3 Replies Latest reply on Apr 23, 2008 12:57 AM by Andrew Yoole

    how to make a "torn burst paper"  animation?

      I need to make an animation of a ball hurtling into the screen, and bursting through the image as though it was a bit of paper under high tension. Anyone have any ideas on how to go about this? the kind of rip, someting along the lines of this image, but obviously this part would be facing away from the camera since the ball is ripping the paper outwards...

      http://www.istockphoto.com/file_closeup/object/5924468_torn_paper_burst_side_view.php?id=5 924468

      I want it to be a bit more spectacular and expolsive than just a simple rip,
      but i really have no idea how to animate this from scratch!!


      Thanks! Anna :)
        • 1. Re: how to make a "torn burst paper"  animation?
          Mylenium Most Valuable Participant
          3D software. Cloth simualtion and that sort of stuff. If it was for the paper only, you could just shoot it (fire a golfball through not-so-tough paper or something like that), but if it needs to include a special imagery, that doesn't seem feasible.

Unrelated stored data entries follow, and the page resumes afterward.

(* Let $X$ be a space containing an open subspace $O$ that is almost zero-dimensional, with $O\neq\varnothing$ and $X\setminus O\neq\varnothing$. Then $X$ is not $\sigma$-connected; that is, either $X$ is not connected, or $X$ is the union of countably infinitely many pairwise disjoint non-empty closed subsets.
   Context: All spaces are separable and metrizable. A subset $A$ of $X$ is a C-set in $X$ if it is an intersection of clopen subsets of $X$. A space is almost zero-dimensional if every point has a neighborhood basis consisting of C-sets in it. A connected space is $\sigma$-connected if it cannot be written as the union of $\omega$-many (countably infinitely many) pairwise disjoint non-empty closed subsets. *)

(* separable metrizable spaces are given as a type with a metric. *)
From Stdlib Require Import Reals.
Open Scope R_scope.

Definition is_metric {X : Type} (d : X -> X -> R) : Prop :=
  (forall x y, 0 <= d x y) /\
  (forall x y, d x y = 0 <-> x = y) /\
  (forall x y, d x y = d y x) /\
  (forall x y z, d x z <= d x y + d y z).

Definition countable_set {X : Type} (D : X -> Prop) : Prop :=
  exists f : X -> nat, forall x y, D x -> D y -> f x = f y -> x = y.
(* For $n\ge 0$ let $P_n$ denote the path graph on $n$ vertices ($P_0$ is the empty graph, $P_1$ a single vertex, and for $n\ge 2$ a tree with exactly $n-2$ vertices of degree $2$). Then, as formal power series in $x$, $$\sum_{n\ge 0} \mathrm{sa}(P_n;t)\, x^n = \frac{-1+2tx+\sqrt{1+4x^2}}{2tx-2(t^2-1)x^2}.$$
   Context: All graphs are finite, simple and undirected. For a graph $G=(V,E)$ and $V'\subseteq V$, $G|_{V'}$ denotes the induced subgraph on $V'$. The signed a-number $\mathrm{sa}(G)$ is defined recursively: $\mathrm{sa}(G)=1$ if $G$ is the empty graph (no vertices); $\mathrm{sa}(G)=0$ if $G$ has a connected component with an odd number of vertices; otherwise $\mathrm{sa}(G)=-\sum_{V'\subsetneq V}\mathrm{sa}(G|_{V'})$. The signed a-polynomial of $G$ is $\mathrm{sa}(G;t)=\sum_{V'\subseteq V}\mathrm{sa}(G|_{V'})\,t^{|V\setminus V'|}$. *)

From HB Require Import structures.
From mathcomp Require Import all_boot all_order all_algebra.
Set Implicit Arguments. Unset Strict Implicit. Unset Printing Implicit Defensive.
Import GRing.Theory Num.Theory.
Local Open Scope ring_scope.

(* A finite simple graph on a finType T is a symmetric irreflexive relation e.
   Induced subgraphs G|_{V'} are represented by the vertex set V' : {set T}. *)


Definition induced_rel (T : finType) (e : rel T) (S : {set T}) : rel T :=
  [rel x y | [&& x \in S, y \in S & e x y]].

Definition comp_of (T : finType) (e : rel T) (S : {set T}) (x : T) : {set T} :=
  [set y in S | connect (induced_rel e S) x y].

Definition has_odd_comp (T : finType) (e : rel T) (S : {set T}) : bool :=
  [exists x in S, odd #|comp_of e S x|].

(* signed a-number, by recursion with fuel (fuel >= #|S|). *)
Fixpoint sa_aux (T : finType) (e : rel T) (k : nat) (S : {set T}) : int :=
  match k with
  | 0%N => 1
  | k'.+1 =>
      if S == set0 then 1
      else if has_odd_comp e S then 0
      else - \sum_(S' : {set T} | S' \proper S) sa_aux e k' S'
  end.

Definition sa (T : finType) (e : rel T) (S : {set T}) : int := sa_aux e #|S| S.

Definition sa_poly (T : finType) (e : rel T) : {poly int} :=
  \sum_(S : {set T}) (sa e S)%:P * 'X^(#|T| - #|S|).

Definition path_rel (n : nat) : rel 'I_n :=
  fun i j : 'I_n => ((i : nat).+1 == j) || ((j : nat).+1 == i).

(* formal power series in x with coefficients in Z[t], as coefficient sequences *)
Definition fps := nat -> {poly int}.

Definition fps_mul (f g : fps) : fps :=
  fun n => \sum_(i < n.+1) f i * g (n - i)%N.

Definition path_sa_series : fps := fun n => sa_poly (@path_rel n).

Definition denom_series : fps := fun n =>
  if n == 1%N then 2%:P * 'X
  else if n == 2%N then - (2%:P * ('X ^+ 2 - 1))
  else 0.

Definition one_plus_4x2 : fps := fun n =>
  if n == 0%N then 1 else if n == 2%N then 4%:P else 0.

(* numerator -1 + 2tx + s(x), where s = sqrt(1+4x^2) *)
Definition numer_series (s : fps) : fps := fun n =>
  (if n == 0%N then -1 else if n == 1%N then 2%:P * 'X else 0) + s n.

(* For a vertex set S of the path P_n the components of P_n|_S are the
   maximal runs of S, and sa(P_n|_S) is the product of c_m over the run lengths m,
   where c_m = sa(P_m) are the signed Catalan numbers (c_{m+2} = -sum c_i c_{m-i}).
   This product satisfies the recursion defining sa: summed over the subsets of S
   it factors over the runs, a run of length m+1 contributes c_m, and c_m = 0 for
   m odd.  Sorting the subsets of P_n by their first run gives A = C + t x C A for
   A(x) = sum_n sa(P_n; t) x^n and C(x) = sum_m c_m x^m, while C = 1 - x^2 C^2
   yields sqrt(1 + 4 x^2) = 1 + 2 x^2 C; the identity then holds in Z[t][[x]],
   which is checked on the truncations modulo x^(n+1). *)

From mathcomp Require Import all_boot all_order all_algebra.
From mathcomp Require Import zify ring.
From Stdlib Require Import FunctionalExtensionality.
Set Implicit Arguments. Unset Strict Implicit. Unset Printing Implicit Defensive.
Import GRing.Theory.
Local Open Scope ring_scope.

(** * Signed Catalan numbers and weights of runs *)

(* [scatalan (2 m) = (-1)^m Catalan(m)] and [scatalan] vanishes at odd indices:
   its generating function is the solution [C] of [C = 1 - x^2 C^2]. *)
Fixpoint scatalan_rec (k n : nat) : int :=
  if k is k'.+1 then
    match n with
    | 0 => 1
    | 1 => 0
    | n'.+2 => - \sum_(i < n'.+1) scatalan_rec k' i * scatalan_rec k' (n' - i)
    end
  else 0.

Definition scatalan (n : nat) : int := scatalan_rec n.+1 n.

Lemma scatalan_rec_stable k1 k2 n :
  (n < k1)%N -> (n < k2)%N -> scatalan_rec k1 n = scatalan_rec k2 n.
Proof.
elim: k1 k2 n => [|k1 IH] [|k2] [|[|n]] //= lt1 lt2.
congr (- _); apply: eq_bigr => i _; have := ltn_ord i => lt_in.
by rewrite (IH k2) ?(IH k2 (n - i)%N) //; lia.
Qed.

Lemma scatalan0 : scatalan 0 = 1. Proof. by []. Qed.

Lemma scatalan1 : scatalan 1 = 0. Proof. by []. Qed.

Lemma scatalanSS n :
  scatalan n.+2 = - \sum_(i < n.+1) scatalan i * scatalan (n - i).
Proof.
transitivity (- \sum_(i < n.+1) scatalan_rec n.+2 i * scatalan_rec n.+2 (n - i)).
  by [].
congr (- _); apply: eq_bigr => i _; have := ltn_ord i => lt_in.
rewrite /scatalan (@scatalan_rec_stable n.+2 i.+1).
- by rewrite (@scatalan_rec_stable n.+2 (n - i).+1) //; lia.
all: lia.
Qed.

Lemma scatalan_odd n : odd n -> scatalan n = 0.
Proof.
elim/ltn_ind: n => [[|[|n]]] // IH odd_n.
rewrite scatalanSS big1 ?oppr0 // => i _; have := ltn_ord i => lt_in.
have [odd_i|even_i] := boolP (odd i); first by rewrite IH ?mul0r //; lia.
rewrite (IH (n - i)%N) ?mulr0 //; first lia.
by rewrite oddB ?(negbTE even_i) ?addbF //; lia.
Qed.

(* [run_weight k w] is the product of [scatalan] over the lengths of the
   maximal runs of [true] in [w], the first run being lengthened by [k]. *)
Fixpoint run_weight (k : nat) (w : seq bool) : int :=
  match w with
  | [::] => scatalan k
  | b :: w' => if b then run_weight k.+1 w' else scatalan k * run_weight 0 w'
  end.

Lemma run_weight_cat_false k u v :
  run_weight k (u ++ false :: v) = run_weight k u * run_weight 0 v.
Proof. by elim: u k => [|[] u IH] k //=; rewrite IH // mulrA. Qed.

Lemma run_weight_nseq_false k m : run_weight k (nseq m false) = scatalan k.
Proof. by elim: m k => [|m IH] k //=; rewrite IH scatalan0 mulr1. Qed.

Lemma run_weight_nseq_true k m : run_weight k (nseq m true) = scatalan (k + m).
Proof. by elim: m k => [|m IH] k /=; rewrite ?addn0 ?IH ?addSnnS. Qed.

Lemma run_weight_nseq_false_cat m w :
  run_weight 0 (nseq m false ++ w) = run_weight 0 w.
Proof. by elim: m => [|m IH] //=; rewrite IH scatalan0 mul1r. Qed.

Lemma run_weight_cat_nseq_false k u m :
  run_weight k (u ++ nseq m false) = run_weight k u.
Proof.
case: m => [|m]; first by rewrite cats0.
by rewrite run_weight_cat_false run_weight_nseq_false scatalan0 mulr1.
Qed.

Fixpoint submasks (w : seq bool) : seq (seq bool) :=
  match w with
  | [::] => [:: [::]]
  | b :: w' => (if b then map (cons true) (submasks w') else [::])
                 ++ map (cons false) (submasks w')
  end.

Lemma mem_submasks w u : (w \in submasks u) = all2 implb w u.
Proof.
have mem_map_cons (b c : bool) x s : (b :: x \in map (cons c) s) = (b == c) && (x \in s).
  by apply/mapP/andP => [[y ys [-> ->]]|[/eqP -> xs]]; [split | exists x].
have nil_map_cons (c : bool) s : ([::] \in map (cons c) s) = false.
  by apply/mapP => -[].
elim: u w => [|b u IH] [|c w] //=; rewrite mem_cat.
  by case: b; rewrite /= ?in_nil !nil_map_cons.
by case: b; case: c; rewrite /= ?in_nil !mem_map_cons /= ?IH ?orbF.
Qed.

Lemma uniq_submasks w : uniq (submasks w).
Proof.
have cons_inj (b : bool) : injective (cons b) by move=> x y [].
elim: w => [|[] w IH] //=; rewrite ?cat_uniq !map_inj_uniq // IH andbT /=.
by apply/hasP => -[x /mapP [y _ ->] /mapP [z _]].
Qed.

Lemma big_submasks_cat (R : zmodType) (F : seq bool -> R) u v :
  \sum_(w <- submasks (u ++ v)) F w =
  \sum_(x <- submasks u) \sum_(y <- submasks v) F (x ++ y).
Proof.
elim: u F => [|b u IH] F /=; first by rewrite big_seq1.
by case: b; rewrite /= ?big_cat !big_map ?IH.
Qed.

Definition weight_sum (w : seq bool) : int :=
  \sum_(x <- submasks w) run_weight 0 x.

Lemma weight_sum_nil : weight_sum [::] = 1.
Proof. by rewrite /weight_sum big_seq1. Qed.

Lemma weight_sum_cat_false u v :
  weight_sum (u ++ false :: v) = weight_sum u * weight_sum v.
Proof.
rewrite /weight_sum big_submasks_cat mulr_suml; apply: eq_bigr => x _.
by rewrite big_map mulr_sumr; apply: eq_bigr => y _; rewrite run_weight_cat_false.
Qed.

Lemma weight_sum_nseq_false_cat m w :
  weight_sum (nseq m false ++ w) = weight_sum w.
Proof.
elim: m => [|m IH] //.
rewrite -[nseq m.+1 false ++ w]/([::] ++ false :: (nseq m false ++ w)).
by rewrite weight_sum_cat_false IH weight_sum_nil mul1r.
Qed.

          • 2. Re: how to make a "torn burst paper"  animation?
            Level 1
            thanks :) yeah it doesn' have to be that kind of involved, doesn't have to look as good as that pic i posted. Actually it's just a very quick transition...it feels like the kind of thing you see all the time, there must be some preset somewhere that does it...maybe in motion? i mean the paper would split and almost instantly be off screen...is there no way other than the 3d path (which isn't an otpion)? some kind of "poor man`s" equivalent.....?

            thanks, :)
            • 3. Re: how to make a "torn burst paper"  animation?
              Andrew Yoole MVP & Adobe Community Professional
              I'd start in Photoshop with a paper texture, and create 4 (or so) layers with "torn" edges out of the texture. The tears should all lead to the same central "impact" point.

              Import to AE, then use a distort tool (I'd probably use Bezier Warp) to bend each layer out from the impact point, revealing a "hole". Then introduce your ball layer, flying through the hole at the appropriate time.

              If you want to get fancy, add some residual movement to the paper pieces after the ball has passed through, like they're fluttering a little in the air that the ball dispersed.

              It wouldn't work well if it was a slow tear, but for something fast and furious I'm sure you could get away with it.